I had three cockatiels, two were rescued, and one was bought from a petshop. BUT my one friend gave me a female cinnamon cockatiel she found at her neighbor's yard and it's TAME!!!! It is a she because it doesn't sing and her colors are pale..she's really sweet and loves to play on my head and keyboards!

I just neede to share


----------



## jc119007 (Dec 28, 2009)

What a cutie! Love her/his colour


----------



## xxxSpikexxx (Jul 30, 2007)

She is very cute  Did you put up flyers saying you found a tiel? I would also call the humane society and check parrots 911. I bet someone might be missing her and if no one responds with the right description you will have yourself a new tiel


----------



## LuvMyTiels (Dec 31, 2009)

She is a cutie! Have you tried to find her owner? Someone might be missing her very much. I had a rescue who's owner was found and it turns out that she let the cockatiel loose on purpose. Flipping idiot! Poor Cookie was in bad shape when she was found.


----------



## Malorey (Jul 23, 2008)

She's adorable, but I agree. Someone could be out there missing her right now. I'd put up flyers, post on Craigslist/Kijiji, ask local vets or shelters, etc.


----------



## Wilma (Aug 30, 2009)

I agree with you all but sadly, things are not that easy here in Puerto Rico (US territory), pple are not as pet/animal oriented as in other places like UK or US. We've being keeping an eye on the newspaper lost ads but so far nobody has posted anything. Since this island is 100 x 35 it could have belonged to "anyone" and most pple here are breeders familiarized with the bird mill concept. As soon as I got her the vet of the military post I live in checked her up and said she hadn't been out in the wild for a long time BUT that she was in bad shape due to an all seed diet (pellets are expensive in the island) and mites. Whoever had her before wasn't taking care of her properly so even if this means I'm being selfish, she'll stay here with us where she is eating seeds, pellets, dried fruits n veggies, fresh fruits n veggies, and eggs. Her new cage is not overcrowded (as her feathers let see of her other life) n water, playtime, and love are things she has in abundance.

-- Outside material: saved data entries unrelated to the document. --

(* Let $X$ be a Banach space, $T$ a nonempty index set, and $f_t:X\to\mathbb{R}\cup\{+\infty\}$ $(t\in T)$ functions that are lower semicontinuous with respect to the weak topology of $X$. Suppose that either all $f_t$ $(t\in T)$ are nonnegative, or $T$ is finite. Then the collection $\{f_t\}_{t\in T}$ is uniformly lower semicontinuous on every weakly compact subset $U$ of $X$, i.e., $\inf_{x\in U}\big(\overline{\sum_{t\in T}}f_t\big)(x)\le \Lambda_U(\{f_t\}_{t\in T})$.
   Context: Let $\mathcal{F}(T)$ be the family of finite subsets of $T$, directed by inclusion. For a net $\{\alpha_S\}_{S\in\mathcal{F}(T)}\subset[-\infty,+\infty]$: $\limsup_{S\uparrow T,|S|<\infty}\alpha_S:=\inf_{S_0\in\mathcal{F}(T)}\sup_{S\in\mathcal{F}(T),S_0\subset S}\alpha_S$ and $\liminf_{S\uparrow T,|S|<\infty}\alpha_S:=\sup_{S_0\in\mathcal{F}(T)}\inf_{S\in\mathcal{F}(T),S_0\subset S}\alpha_S$. The infinite sum is $\big(\overline{\sum_{t\in T}} f_t\big)(x):=\limsup_{S\uparrow T,|S|<\infty}\sum_{t\in S}f_t(x)$. For $U\subset X$, the uniform infimum is $\Lambda_U(\{f_t\}_{t\in T}):=\liminf_{S\uparrow T,|S|<\infty}\ \liminf_{\operatorname{diam}\{x_t\}_{t\in S}\to 0,\ x_t\in U\,(t\in S)}\ \sum_{t\in S}f_t(x_t)$, where the inner lower limit equals $\lim_{\delta\downarrow0}\inf\{\sum_{t\in S}f_t(x_t): x_t\in U\ (t\in S),\ \operatorname{diam}\{x_t\}_{t\in S}<\delta\}$ and $\operatorname{diam} A=\sup_{a,b\in A}\|a-b\|$. The collection is called uniformly lower semicontinuous on $U$ if $\inf_U\overline{\sum_{t\in T}}f_t\le\Lambda_U(\{f_t\}_{t\in T})$. Convention: $\inf\emptyset=+\infty$. *)

From HB Require Import structures.
From mathcomp Require Import all_boot all_order all_algebra.
From mathcomp Require Import all_classical all_reals all_analysis.
Set Implicit Arguments. Unset Strict Implicit. Unset Printing Implicit Defensive.
Import Order.TTheory GRing.Theory Num.Theory.
Import numFieldNormedType.Exports.
Local Open Scope classical_set_scope.
Local Open Scope ring_scope.

Section Defs.
Context {R : realType} {X : normedModType R}.

Definition dual_elt (phi : X -> R) : Prop :=
  (forall x y, phi (x + y) = phi x + phi y) /\
  (forall (a : R) x, phi (a *: x) = a * phi x) /\
  continuous phi.

(* open sets of the weak topology sigma(X, dual X), via its standard base *)
Definition weakly_open (V : set X) : Prop :=
  forall x, V x -> exists (n : nat) (phi : 'I_n -> X -> R) (e : R),
    [/\ (forall i, dual_elt (phi i)), 0 < e &
        [set y | forall i, `|phi i y - phi i x| < e] `<=` V].

Definition weakly_compact (K : set X) : Prop :=
  forall (I : Type) (G : I -> set X),
    (forall i, weakly_open (G i)) -> K `<=` \bigcup_i G i ->
    exists (n : nat) (g : 'I_n -> I), K `<=` \bigcup_j G (g j).

Definition weakly_lsc (f : X -> \bar R) : Prop :=
  forall c : R, weakly_open [set y | (c%:E < f y)%E].

Definition diam (A : set X) : \bar R :=
  ereal_sup [set (`|a - b|)%:E | a in A & b in A].
End Defs.

Section Nets.
Context {R : realType} {T : choiceType}.

(* limsup / liminf of a net indexed by finite subsets of T directed by inclusion *)
Definition fin_limsup (a : set T -> \bar R) : \bar R :=
  ereal_inf [set ereal_sup [set a S | S in [set S | finite_set S /\ S0 `<=` S]]
            | S0 in [set S0 : set T | finite_set S0]].

Definition fin_liminf (a : set T -> \bar R) : \bar R :=
  ereal_sup [set ereal_inf [set a S | S in [set S | finite_set S /\ S0 `<=` S]]
            | S0 in [set S0 : set T | finite_set S0]].
End Nets.

Section Sums.
Context {R : realType} {X : normedModType R} {T : choiceType}.
Variable f : T -> X -> \bar R.

Definition infsum (x : X) : \bar R :=
  fin_limsup (fun S : set T => (\sum_(t \in S) f t x)%E).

I know you all mean good as you all are animal lovers as I am. I can asure you all that she won't be a part of a breeding stock nor she'll ever be neglected or abused. Here I added some links so you can all see by yourselves the reality animals suffer in this island.

http://www.saveasato.org/ This link is about dogs but it will let you all see what I'm talking about.

http://www.clasificadosonline.com/UDPetsListing.asp?Species=Aves%2FBirds&MiscCat=Venta%2FSale&Submit=Go This other link is from a very famous website where pple can sell what they want and as you will see (you don't even have to understand Spanish) the description of each bird is as short as one sentence. The breed of animals is often misspelled (I think if you love your animals you'll at least know how to spell/say their breed) and all they require from you is to have money in hand.

The cockatiels that are really appreciated and well cared of here in the island are the show quality ones, I can't remember the "breed" but they are very big and of different mutations.


----------



## Renae (Feb 9, 2008)

She's cute! you might want to add a few different perches though, them dowel perches are bad for their feet.


----------



## Wilma (Aug 30, 2009)

When I took those pictures I had just gotten the cage. They only have one dowel perch inside the cage and the other one that I use to open up the dome-top but I get their other perches from outside. I've got lots of trees in my backyard and I take the branches that fall from those trees and place them in a way that they form a three to four story cage. I also use palm tree branches as they love to rip them off as they dry up. They also have cement and rope perches.

I'll go take pics so you can see how it looks now 

Couldn't add today's pics because my cell phone is not uploading any pics to my email or facebook accts but I added some I had from last week. I changed the natural branches already but they are the same kind I use every week. You can see the rope and cement perches and if you look well you'll also see the natural ones in some of the backgrounds.


----------



## Kerry78 (May 25, 2009)

Oh My 3 become 4 your gonna have your work cut out now 
do you know how old the newbie is?

shes lovely btw


----------